▸ EXERCISE OBJECTIVE: The answer should be a single number: how many lines of the entries below hold the word "last".

▸ RECORDED INFORMATION:
════════════════
(* Let $n\ge 1$ be an integer, $0<\epsilon\le 1$, $0<\tau<1$, and let $G=(V,E)$ be a comparison graph. Suppose that (1) $|E|\ge \dfrac{4n}{\tau^2\epsilon^4}$, (2) $|E|\ge \dfrac{16n}{(1-\tau)^2\epsilon^4}$, and (3) $\dfrac{c(G)}{|E|^2}\le \dfrac{(1-\tau)^2\epsilon^2}{16\sqrt n}$. Then the collision-based algorithm $(G,\tau)$ is an $\epsilon$-uniformity tester for domain $[n]$.
   Context: Notation: $[n]=\{1,\dots,n\}$; $\Delta([n])$ is the set of probability distributions on $[n]$; $P_i$ is the probability of $i$ under $P$; $U_n$ is the uniform distribution on $[n]$; $\|P-Q\|=\sum_{i=1}^n|P_i-Q_i|$ ($\ell_1$ distance). A comparison graph is a finite simple undirected graph $G=(V,E)$. Given $P\in\Delta([n])$, each vertex $v\in V$ is assigned an independent sample $S(v)\sim P$; for an edge $e=\{u,v\}\in E$ the collision indicator is $\mathbf 1_e=\mathbf 1[S(u)=S(v)]$. For $\tau\in[0,1]$, the collision-based algorithm $(G,\tau)$ computes $Z=\sum_{e\in E}\mathbf 1_e$ and $T=|E|\cdot\frac{1+\tau\epsilon^2}{n}$, and outputs YES if $Z<T$ and NO otherwise. It is an $\epsilon$-uniformity tester (for domain $[n]$) if, when $P=U_n$, it outputs YES with probability at least $3/4$, and for every $P\in\Delta([n])$ with $\|P-U_n\|\ge\epsilon$ it outputs NO with probability at least $3/4$. $c(G)$ denotes the number of ordered triples $(u,v,w)$ of distinct vertices with $\{u,v\}\in E$ and $\{v,w\}\in E$ (equivalently $c(G)=\sum_{v\in V}d_v(d_v-1)$, $d_v$ the degree of $v$). *)

From HB Require Import structures.
From mathcomp Require Import all_boot all_order all_algebra.
From mathcomp Require Import reals.
Import Order.TTheory GRing.Theory Num.Theory.
Local Open Scope ring_scope.

Section Defs.
Variable R : realType.

Definition is_distr (n : nat) (P : 'I_n -> R) : Prop :=
  (forall i, 0 <= P i) /\ \sum_(i < n) P i = 1.

Definition unif (n : nat) : 'I_n -> R := fun _ => n%:R^-1.

Definition l1dist (n : nat) (P Q : 'I_n -> R) : R :=
  \sum_(i < n) `|P i - Q i|.

Variable V : finType.

(* edge set of the simple graph given by a symmetric irreflexive relation e *)
Definition edges (e : rel V) : {set {set V}} :=
  [set [set p.1; p.2] | p in [set p : V * V | e p.1 p.2]].

Definition cG (e : rel V) : nat :=
  #|[set t : V * V * V |
      [&& t.1.1 != t.1.2, t.1.2 != t.2, t.1.1 != t.2,
          e t.1.1 t.1.2 & e t.1.2 t.2]]|.

Definition collisions (n : nat) (e : rel V) (S : {ffun V -> 'I_n}) : nat :=
  #|[set f in edges e | [forall u in f, forall v in f, S u == S v]]|.

(* probability, under i.i.d. samples S(v) ~ P, of an event on the samples *)
Definition prob (n : nat) (P : 'I_n -> R) (A : pred {ffun V -> 'I_n}) : R :=
  \sum_(S : {ffun V -> 'I_n} | A S) \prod_(v : V) P (S v).

Definition threshold (n : nat) (e : rel V) (tau eps : R) : R :=
  #|edges e|%:R * (1 + tau * eps ^+ 2) / n%:R.

Definition outputs_yes (n : nat) (e : rel V) (tau eps : R)
    (S : {ffun V -> 'I_n}) : bool :=
  (collisions n e S)%:R < threshold n e tau eps.

Definition is_uniformity_tester (n : nat) (e : rel V) (tau eps : R) : Prop :=
  prob n (unif n) (fun S => outputs_yes n e tau eps S) >= 3 / 4 /\
  forall P : 'I_n -> R, is_distr n P -> l1dist n P (unif n) >= eps ->
    prob n P (fun S => ~~ outputs_yes n e tau eps S) >= 3 / 4.
End Defs.
Arguments is_uniformity_tester {R V} n e tau eps.

From HB Require Import structures.
From mathcomp Require Import all_boot all_order all_algebra.
From mathcomp Require Import reals.
From mathcomp Require Import ring lra zify.
Import Order.TTheory GRing.Theory Num.Theory.
Local Open Scope ring_scope.

(* Write m = |E|, p_j = sum_i P_i^j, and let X_f indicate that the two endpoints
   of the edge f receive the same sample, so that Z = sum_(f in E) X_f.  For two
   edges f and g, E[X_f X_g] is p_2 if f = g, p_3 if f and g share one vertex, and
   p_2^2 if they are disjoint (independence).  Hence E[Z] = m p_2 and
        Var Z = m (p_2 - p_2^2) + N (p_3 - p_2^2),
   where N <= c(G) counts ordered pairs of distinct edges sharing a vertex.
   - For P = U_n, p_2 = 1/n and p_3 = p_2^2, so Var Z <= m/n; Chebyshev's
     inequality for the deviation m tau eps^2 / n and condition (1) bound the
     probability of answering NO by 1/4.
   - If |P - U_n| >= eps, the excess d = p_2 - 1/n satisfies eps^2 <= n d
     (Cauchy-Schwarz) and p_3 - p_2^2 <= (1/n + sqrt d) d (third moment).  Then
     E[Z] - T >= m (1 - tau) d, and conditions (2) and (3) bound the probability
     of answering YES by 1/4 through Chebyshev's inequality. *)

Section ProductExpectation.
Context {R : realType} {n : nat} {V : finType} {P : 'I_n -> R}.
Local Notation sample := {ffun V -> 'I_n}.

Definition weight (S : sample) : R := \prod_v P (S v).

Definition expect (F : sample -> R) : R := \sum_S weight S * F S.

Lemma eq_expect {F G : sample -> R} : F =1 G -> expect F = expect G.
Proof. by move=> FG; apply: eq_bigr => S _; rewrite FG. Qed.

Lemma expect_sum (I : finType) (A : pred I) (F : I -> sample -> R) :
  expect (fun S => \sum_(i in A) F i S) = \sum_(i in A) expect (F i).
Proof. by rewrite /expect exchange_big; apply: eq_bigr => S _; rewrite mulr_sumr. Qed.

Lemma expect_product_event (a : V -> pred 'I_n) :
  expect (fun S => [forall v, a v (S v)]%:R) = \prod_v \sum_(x | a v x) P x.
Proof.
have -> : \prod_v \sum_(x | a v x) P x = \prod_v \sum_x P x * (a v x)%:R.
  apply: eq_bigr => v _; rewrite big_mkcond; apply: eq_bigr => x _.
  by case: (a v x); rewrite ?mulr1 ?mulr0.
rewrite bigA_distr_bigA; apply: eq_bigr => S _.
rewrite /weight big_split /=; congr (_ * _).
case: (boolP [forall v, a v (S v)]) => [/forallP all_a | /forallPn [v not_a]].
  by rewrite big1 // => v _; rewrite all_a.
by rewrite (bigD1 v) //= (negbTE not_a) mul0r.
Qed.

Lemma probE (A : pred sample) : prob R V n P A = expect (fun S => (A S)%:R).
Proof.
rewrite /prob /expect big_mkcond; apply: eq_bigr => S _.
by case: (A S); rewrite ?mulr1 ?mulr0.
Qed.

Hypothesis P_sum1 : \sum_i P i = 1.

Lemma sum_weight : \sum_S weight S = 1.
Proof.
have := expect_product_event (fun _ _ => true).
rewrite big1 => [|v _]; last by rewrite P_sum1.
move=> <-; apply: eq_bigr => S _.
by rewrite (_ : [forall v, true]) ?mulr1 //; apply/forallP.
Qed.

Lemma expect_const (c : R) : expect (fun _ => c) = c.
Proof. by rewrite /expect -mulr_suml sum_weight mul1r. Qed.

Lemma expect_pattern (A : {set V}) (c : V -> 'I_n) :
  expect (fun S => [forall v in A, S v == c v]%:R) = \prod_(v in A) P (c v).
Proof.
rewrite (expect_product_event (fun v x => (v \in A) ==> (x == c v))).
rewrite [RHS]big_mkcond; apply: eq_bigr => v _.
case: (v \in A) => /=; last by rewrite P_sum1.
by rewrite (big_pred1 (c v)).
Qed.

Lemma expect_sq_dev (Z : sample -> R) :
  expect (fun S => (Z S - expect Z) ^+ 2) = expect (fun S => Z S ^+ 2) - expect Z ^+ 2.
Proof.
set mu := expect Z.
rewrite /expect (eq_bigr (fun S => weight S * Z S ^+ 2 - 2 * mu * (weight S * Z S)
                                   + mu ^+ 2 * weight S)); last by move=> S _; ring.
by rewrite big_split sumrB /= -!mulr_sumr sum_weight; rewrite /mu /expect; ring.
Qed.

Lemma prob_compl (A : pred sample) :
  prob R V n P A + prob R V n P (fun S => ~~ A S) = 1.
Proof.
rewrite !probE /expect -big_split /= -[RHS](expect_const 1); apply: eq_bigr => S _.
by case: (A S); rewrite /= ?mulr1 ?mulr0 ?addr0 ?add0r.
Qed.

Hypothesis P_ge0 : forall i, 0 <= P i.

Lemma weight_ge0 (S : sample) : 0 <= weight S.
Proof. by apply: prodr_ge0 => v _. Qed.

Lemma chebyshev {Z : sample -> R} {mu t : R} {A : pred sample} :
  0 <= t -> (forall S, A S -> t <= `|Z S - mu|) ->
  t ^+ 2 * prob R V n P A <= expect (fun S => (Z S - mu) ^+ 2).
Proof.
move=> t_ge0 far; rewrite /prob /expect mulr_sumr [X in _ <= X](bigID A) /=.
rewrite -[X in X <= _]addr0; apply: lerD; last first.
  by apply: sumr_ge0 => S _; rewrite mulr_ge0 ?sqr_ge0 ?weight_ge0.
apply: ler_sum => S AS; rewrite mulrC ler_wpM2l ?weight_ge0 //.
by rewrite -[(Z S - mu) ^+ 2]real_normK ?num_real // lerXn2r ?nnegrE ?far.
Qed.

Lemma rare_deviation (Z : sample -> R) (mu t : R) (A : pred sample) :
  0 < t -> (forall S, A S -> t <= `|Z S - mu|) ->
  expect (fun S => (Z S - mu) ^+ 2) <= t ^+ 2 / 4 -> prob R V n P A <= 1 / 4.
Proof.
move=> t_gt0 far var_small; have t2_gt0 : 0 < t ^+ 2 by rewrite exprn_gt0.
have cheb := le_trans (chebyshev (ltW t_gt0) far) var_small.
by rewrite -(ler_pM2l t2_gt0) mul1r.
Qed.
End ProductExpectation.
Arguments weight {R n V} P S.
Arguments expect {R n V} P F.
════════════════
▸ SOLUTION FOR THIS PROBLEM: 4